Before she has time to explore her family’s history, or decide what to do with the declining property, local murders plague Tink’s homecoming. She quickly finds herself caught in the middle of a multiple murder investigation – and quite possibly, the prime suspect. When Candace retreats back to Atlanta, Tink, with the support of an unlikely cast of characters, sets out to discover clues that have haunted and tormented her family for generations.
Could a concealed crime from the 1800’s, or the family’s estate itself, harbor keys to unlocking the past? The more they learn, the more they question whether some secrets are best left buried.

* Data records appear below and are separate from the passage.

Lemma band_sum_superdiag (f : nat -> nat -> V) A :
    (forall i j : 'I_n, j == i.+1 :> nat -> A i j = f i j) ->
  band_sum (fun i j => j == i.+1) A = \sum_(i < n.-1) f i i.+1.
Proof.
move=> Af; transitivity (\sum_(i < n | (i < n.-1)%N) f i i.+1).
  rewrite big_mkcond; apply: eq_bigr => i _.
  rewrite (eq_bigr (fun j : 'I_n => f i j)) => [|j /Af //].
  by rewrite big_ord1_eq ltn_predRL.
exact: (big_ord_narrow (leq_pred n)).
Qed.

Lemma band_sum_subdiag (f : nat -> nat -> V) A :
    (forall i j : 'I_n, i == j.+1 :> nat -> A i j = f i j) ->
  band_sum (fun i j => i == j.+1) A = \sum_(i < n.-1) f i.+1 i.
Proof.
move=> Af; rewrite -(band_sum_tr (fun i j => j == i.+1)).
by apply: (band_sum_superdiag (fun i j => f j i)) => i j /Af; rewrite mxE.
Qed.

End BandSums.

Notation diag_sum := (band_sum (fun i j => i == j)).
Notation superdiag_sum := (band_sum (fun i j => j == i.+1)).
Notation subdiag_sum := (band_sum (fun i j => i == j.+1)).

Section TridiagToeplitzProjection.
Context {R : realType} {n : nat}.
Local Notation C := (complex R).
Implicit Types (A W : 'M[C]_n) (a b c : C).

Lemma frob_normE A : frob_norm A = sqrtC (frob_dot A A).
Proof.
by congr sqrtC; apply: eq_bigr => i _; apply: eq_bigr => j _; rewrite normCK.
Qed.

Lemma frob_dot_tridiag_toeplitz A a b c :
  frob_dot A (tridiag_toeplitz n a b c) =
  diag_sum A * b^* + superdiag_sum A * c^* + subdiag_sum A * a^*.
Proof.
rewrite /frob_dot /band_sum !mulr_suml -!big_split; apply: eq_bigr => i _ /=.
have entry_split j : A i j * (tridiag_toeplitz n a b c i j)^* =
    (if i == j :> nat then A i j * b^* else 0) +
    (if j == i.+1 :> nat then A i j * c^* else 0) +
    (if i == j.+1 :> nat then A i j * a^* else 0).
  rewrite mxE; do 3 case: eqP => ?;
    rewrite ?conjC0 ?mulr0 ?addr0 ?add0r //; lia.
rewrite !mulr_suml (eq_bigr _ (fun j _ => entry_split j)).
by rewrite !big_split -!big_mkcond.
Qed.

Lemma diag_sum_tridiag_toeplitz a b c :
  diag_sum (tridiag_toeplitz n a b c) = n%:R * b.
Proof.
rewrite band_sum_diag (eq_bigr (fun=> b)) => [|i _]; last by rewrite mxE eqxx.
by rewrite sumr_const card_ord mulr_natl.
Qed.

Lemma superdiag_sum_tridiag_toeplitz a b c :
  superdiag_sum (tridiag_toeplitz n a b c) = n.-1%:R * c.
Proof.
rewrite (band_sum_superdiag (fun _ _ => c)) ?sumr_const ?card_ord ?mulr_natl //.
by move=> i j /eqP ji; rewrite mxE ji eqxx (ltn_eqF (ltnSn i)).
Qed.

Lemma subdiag_sum_tridiag_toeplitz a b c :
  subdiag_sum (tridiag_toeplitz n a b c) = n.-1%:R * a.
Proof.
rewrite (band_sum_subdiag (fun _ _ => a)) ?sumr_const ?card_ord ?mulr_natl //.
move=> i j /eqP ij; rewrite mxE ij eqxx (gtn_eqF (ltnSn j)).
by rewrite (ltn_eqF (leqW (ltnSn j))).
Qed.

Lemma frob_norm_tridiag_toeplitz a b c :
  frob_norm (tridiag_toeplitz n a b c) =
  sqrtC (n%:R * `|b| ^+ 2 + n.-1%:R * (`|a| ^+ 2 + `|c| ^+ 2)).
Proof.
rewrite frob_normE frob_dot_tridiag_toeplitz diag_sum_tridiag_toeplitz.
rewrite superdiag_sum_tridiag_toeplitz subdiag_sum_tridiag_toeplitz !normCK.
by congr sqrtC; ring.
Qed.

Lemma orthogonal_tridiag_toeplitzP A :
  (forall M, in_TT n M -> frob_dot A M = 0) <->
  [/\ diag_sum A = 0, superdiag_sum A = 0 & subdiag_sum A = 0].
Proof.
split=> [orthA | [d0 u0 l0] _ [a [b [c ->]]]]; last first.
  by rewrite frob_dot_tridiag_toeplitz d0 u0 l0 !mul0r !addr0.
have TT a b c : in_TT n (tridiag_toeplitz n a b c) by exists a, b, c.
move: (orthA _ (TT 0 1 0)) (orthA _ (TT 0 0 1)) (orthA _ (TT 1 0 0)).
rewrite !frob_dot_tridiag_toeplitz !conjC0 !conjC1 !mulr0 !mulr1.
by rewrite !addr0 !add0r.
Qed.

Definition tt_proj W : 'M[C]_n :=
  tridiag_toeplitz n (subdiag_sum W / n.-1%:R) (diag_sum W / n%:R)
                     (superdiag_sum W / n.-1%:R).

Hypothesis n_ge2 : (1 < n)%N.

Let n_neq0 : n%:R != 0 :> C. Proof. by rewrite pnatr_eq0; lia. Qed.
Let predn_neq0 : n.-1%:R != 0 :> C. Proof. by rewrite pnatr_eq0; lia. Qed.

Lemma tt_projP W : is_TT_proj W (tt_proj W).
Proof.
split; first by do 3 eexists.
apply/orthogonal_tridiag_toeplitzP; rewrite !(band_sumB _ W).
rewrite diag_sum_tridiag_toeplitz superdiag_sum_tridiag_toeplitz.
rewrite subdiag_sum_tridiag_toeplitz ![_%:R * _]mulrC !divfK //.
by rewrite !subrr.
Qed.

Lemma tt_proj_unique W P : is_TT_proj W P -> P = tt_proj W.
Proof.
move=> [[a [b [c ->]]] /orthogonal_tridiag_toeplitzP[]].
rewrite !(band_sumB _ W) diag_sum_tridiag_toeplitz.
rewrite superdiag_sum_tridiag_toeplitz subdiag_sum_tridiag_toeplitz.
rewrite /tt_proj => /eqP + /eqP + /eqP.
rewrite !subr_eq0 => /eqP-> /eqP-> /eqP->.
by rewrite ![_%:R * _]mulrC !mulfK.
Qed.

End TridiagToeplitzProjection.

Section NormalizedOuterProduct.
Context {R : realType} {n : nat}.
Local Notation C := (complex R).
Implicit Type x : 'I_n -> C.

Lemma vnorm_ge0 x : 0 <= vnorm x.
Proof. by rewrite sqrtC_ge0 sumr_ge0 // => i _; rewrite exprn_ge0. Qed.

Lemma sqr_vnorm x : vnorm x ^+ 2 = \sum_(i < n) `|x i| ^+ 2.
Proof. exact: sqrtCK. Qed.

Lemma vnorm_neq0 x i : x i != 0 -> vnorm x != 0.
Proof.
apply: contra_neq => x0; apply/eqP; rewrite -normr_eq0 -sqrf_eq0.
have sum0 : \sum_(j < n) `|x j| ^+ 2 = 0 by rewrite -sqr_vnorm x0 expr0n.
by apply/eqP; apply: (psumr_eq0P _ sum0) => // j _; rewrite exprn_ge0.
Qed.

Lemma vdotH_self x : vdotH x x = vnorm x ^+ 2.
Proof. by rewrite sqr_vnorm; apply: eq_bigr => i _; rewrite normCKC. Qed.

Definition normalized_outer x : 'M[C]_n :=
  \matrix_(i, j) ((x i / vnorm x) * (x j / vnorm x)^*).

Lemma normalized_outerE x i j :
  normalized_outer x i j = x i * (x j)^* / vnorm x ^+ 2.
Proof.
rewrite mxE rmorphM fmorphV /= (geC0_conj (vnorm_ge0 x)).
by rewrite mulrACA -invfM -expr2.
Qed.

Lemma diag_sum_normalized_outer x :
  vnorm x != 0 -> diag_sum (normalized_outer x) = 1.
Proof.
move=> x_neq0; rewrite band_sum_diag.
under eq_bigr do rewrite normalized_outerE -normCK.
by rewrite -mulr_suml -sqr_vnorm divff // expf_neq0.
Qed.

Other Books By Kim Carter:
Murder Among The Tombstones (2017)
No Second Chances (2017)
Deadly Odds (2018)
And The Forecast Called For Rain (2018)
When Dawn Never Comes (2018)
Her other titles include: When Dawn Never Comes, Deadly Odds, No Second Chances, And The Forecast Called For Rain, and Sweet Dreams, Baby Belle.
Kim’s writing career started after she suffered an illness that made her housebound for a couple of years. An avid reader of mystery novels, she embarked on writing as a means of filling her time. Kim shared those early writings with friends and family who encouraged her to pursue writing professionally. Her health struggles and successes have been chronicled on The Lifetime Television in early 2000, The Atlanta-Journal Constitution, Women’s Day Magazine, and Guideposts.
Prior to her illness, Kim worked in many different capacities in county government ranging from Park Director with Parks and Recreation to the Grant Department with Human Services. But, ultimately, it was her job as a correctional officer that provided her the opportunity to interact with a variety of people from all walks of life. Her experiences ran the gamete of inspiring success stories to tragic endings, much like her mysteries.
She self-published her first book No Second Chances. One of the guest speakers at the launch party she had at the Performing Arts Center in Newnan, Georgia included her close friend retired Atlanta Police chief Eldrin Bell. This connection would become helpful as she started doing more research for other books, this time working with a small publishing house.
Kim started networking and made connections with the Fulton County Medical Examiner’s Office. Her research has taken her many places including morgues, death row and the occasional midnight visit to cemeteries.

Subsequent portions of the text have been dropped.